*** Opening Task inputs ***

(* Let $n\geq1$ and $\eta\in\Omega$. Then the set of vectors $\overline{T_\eta}\subset\mathbb C^{\lambda_{2,n}}$ is linearly independent.
   Context: $n\geq1$ is fixed. $\Lambda_{2,n}=\{\alpha\in\mathbb N^2:1\leq\alpha_1+\alpha_2\leq n\}$, $\lambda_{2,n}=|\Lambda_{2,n}|$; for $v\in\mathbb N^2$, $\bar v=\big(\binom{v_1}{\alpha_1}\binom{v_2}{\alpha_2}\big)_{\alpha\in\Lambda_{2,n}}\in\mathbb C^{\lambda_{2,n}}$. $\Omega$ is the set of sequences $\eta=(z,d_0,d_1,\ldots,d_r)$ with $z\in\{0,1\}$, $d_0=0$, $d_i\in\mathbb N\setminus\{0\}$ for $1\leq i\leq r$, and $\sum_{i=0}^r d_i=n$. For $j\in\{1,\ldots,n\}$ let $t\in\{1,\ldots,r\}$ be the unique index with $\sum_{i=0}^{t-1}d_i<j\leq\sum_{i=0}^t d_i$ and $c=j-\sum_{i=0}^{t-1}d_i$; define $v_{j,\eta}=(\sum_{i\text{ odd},i<t}d_i+c,0)$ if $z=1,t$ odd; $(0,\sum_{i\text{ even},i<t}d_i+c)$ if $z=1,t$ even; $(0,\sum_{i\text{ odd},i<t}d_i+c)$ if $z=0,t$ odd; $(\sum_{i\text{ even},i<t}d_i+c,0)$ if $z=0,t$ even. Set $T_{j,\eta}=\{v_{j,\eta}+p(1,1):0\leq p\leq n-j\}$ for $1\leq j\leq n$, $T_{0,\eta}=\{(p,p):1\leq p\leq n\}$, $T_\eta=\bigcup_{j=0}^nT_{j,\eta}$ and $\overline{T_\eta}=\{\bar v:v\in T_\eta\}$. *)

From mathcomp Require Import all_boot all_algebra.
From mathcomp Require Import complex Rstruct.
From Stdlib Require Rdefinitions.
Set Implicit Arguments. Unset Strict Implicit. Unset Printing Implicit Defensive.
Import GRing.Theory.

Definition Cx : fieldType := (Rdefinitions.R)[i].

Definition Lambda (n : nat) :=
  {a : 'I_n.+1 * 'I_n.+1 | (0 < (a.1 : nat) + (a.2 : nat) <= n)%N}.

Definition lambda (n : nat) : nat := #|{: Lambda n}|.

Definition barv (n : nat) (v : nat * nat) : 'rV[Cx]_(lambda n) :=
  \row_(k < lambda n)
    let a := val (enum_val k) in (('C(v.1, a.1) * 'C(v.2, a.2))%N)%:R%R.

(* eta = (z, d_0 = 0, d_1, ..., d_r) is encoded by z : bool (true = 1, false = 0)
   and ds = [:: d_1; ...; d_r].  eta is in Omega iff all d_i > 0 and sum = n. *)
Definition inOmega (n : nat) (z : bool) (ds : seq nat) : Prop :=
  all (fun d => 0 < d)%N ds /\ sumn ds = n.

Definition dd (ds : seq nat) (i : nat) : nat :=
  if i is i'.+1 then nth 0%N ds i' else 0%N.

Definition psum (ds : seq nat) (k : nat) : nat := (\sum_(i < k.+1) dd ds i)%N.

(* t = the unique index in {1..r} with sum_{i<t} d_i < j <= sum_{i<=t} d_i *)
Definition tidx (ds : seq nat) (j : nat) : nat :=
  head 0%N [seq k <- iota 1 (size ds) | (j <= psum ds k)%N].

*** Closing Task inputs ***

What you have to do:
Set down the whole of the data, exactly as it stands.

Response for this exercise:
(* Let $n\geq1$ and $\eta\in\Omega$. Then the set of vectors $\overline{T_\eta}\subset\mathbb C^{\lambda_{2,n}}$ is linearly independent.
   Context: $n\geq1$ is fixed. $\Lambda_{2,n}=\{\alpha\in\mathbb N^2:1\leq\alpha_1+\alpha_2\leq n\}$, $\lambda_{2,n}=|\Lambda_{2,n}|$; for $v\in\mathbb N^2$, $\bar v=\big(\binom{v_1}{\alpha_1}\binom{v_2}{\alpha_2}\big)_{\alpha\in\Lambda_{2,n}}\in\mathbb C^{\lambda_{2,n}}$. $\Omega$ is the set of sequences $\eta=(z,d_0,d_1,\ldots,d_r)$ with $z\in\{0,1\}$, $d_0=0$, $d_i\in\mathbb N\setminus\{0\}$ for $1\leq i\leq r$, and $\sum_{i=0}^r d_i=n$. For $j\in\{1,\ldots,n\}$ let $t\in\{1,\ldots,r\}$ be the unique index with $\sum_{i=0}^{t-1}d_i<j\leq\sum_{i=0}^t d_i$ and $c=j-\sum_{i=0}^{t-1}d_i$; define $v_{j,\eta}=(\sum_{i\text{ odd},i<t}d_i+c,0)$ if $z=1,t$ odd; $(0,\sum_{i\text{ even},i<t}d_i+c)$ if $z=1,t$ even; $(0,\sum_{i\text{ odd},i<t}d_i+c)$ if $z=0,t$ odd; $(\sum_{i\text{ even},i<t}d_i+c,0)$ if $z=0,t$ even. Set $T_{j,\eta}=\{v_{j,\eta}+p(1,1):0\leq p\leq n-j\}$ for $1\leq j\leq n$, $T_{0,\eta}=\{(p,p):1\leq p\leq n\}$, $T_\eta=\bigcup_{j=0}^nT_{j,\eta}$ and $\overline{T_\eta}=\{\bar v:v\in T_\eta\}$. *)

From mathcomp Require Import all_boot all_algebra.
From mathcomp Require Import complex Rstruct.
From Stdlib Require Rdefinitions.
Set Implicit Arguments. Unset Strict Implicit. Unset Printing Implicit Defensive.
Import GRing.Theory.

Definition Cx : fieldType := (Rdefinitions.R)[i].

Definition Lambda (n : nat) :=
  {a : 'I_n.+1 * 'I_n.+1 | (0 < (a.1 : nat) + (a.2 : nat) <= n)%N}.

Definition lambda (n : nat) : nat := #|{: Lambda n}|.

Definition barv (n : nat) (v : nat * nat) : 'rV[Cx]_(lambda n) :=
  \row_(k < lambda n)
    let a := val (enum_val k) in (('C(v.1, a.1) * 'C(v.2, a.2))%N)%:R%R.

(* eta = (z, d_0 = 0, d_1, ..., d_r) is encoded by z : bool (true = 1, false = 0)
   and ds = [:: d_1; ...; d_r].  eta is in Omega iff all d_i > 0 and sum = n. *)
Definition inOmega (n : nat) (z : bool) (ds : seq nat) : Prop :=
  all (fun d => 0 < d)%N ds /\ sumn ds = n.

Definition dd (ds : seq nat) (i : nat) : nat :=
  if i is i'.+1 then nth 0%N ds i' else 0%N.

Definition psum (ds : seq nat) (k : nat) : nat := (\sum_(i < k.+1) dd ds i)%N.

(* t = the unique index in {1..r} with sum_{i<t} d_i < j <= sum_{i<=t} d_i *)
Definition tidx (ds : seq nat) (j : nat) : nat :=
  head 0%N [seq k <- iota 1 (size ds) | (j <= psum ds k)%N].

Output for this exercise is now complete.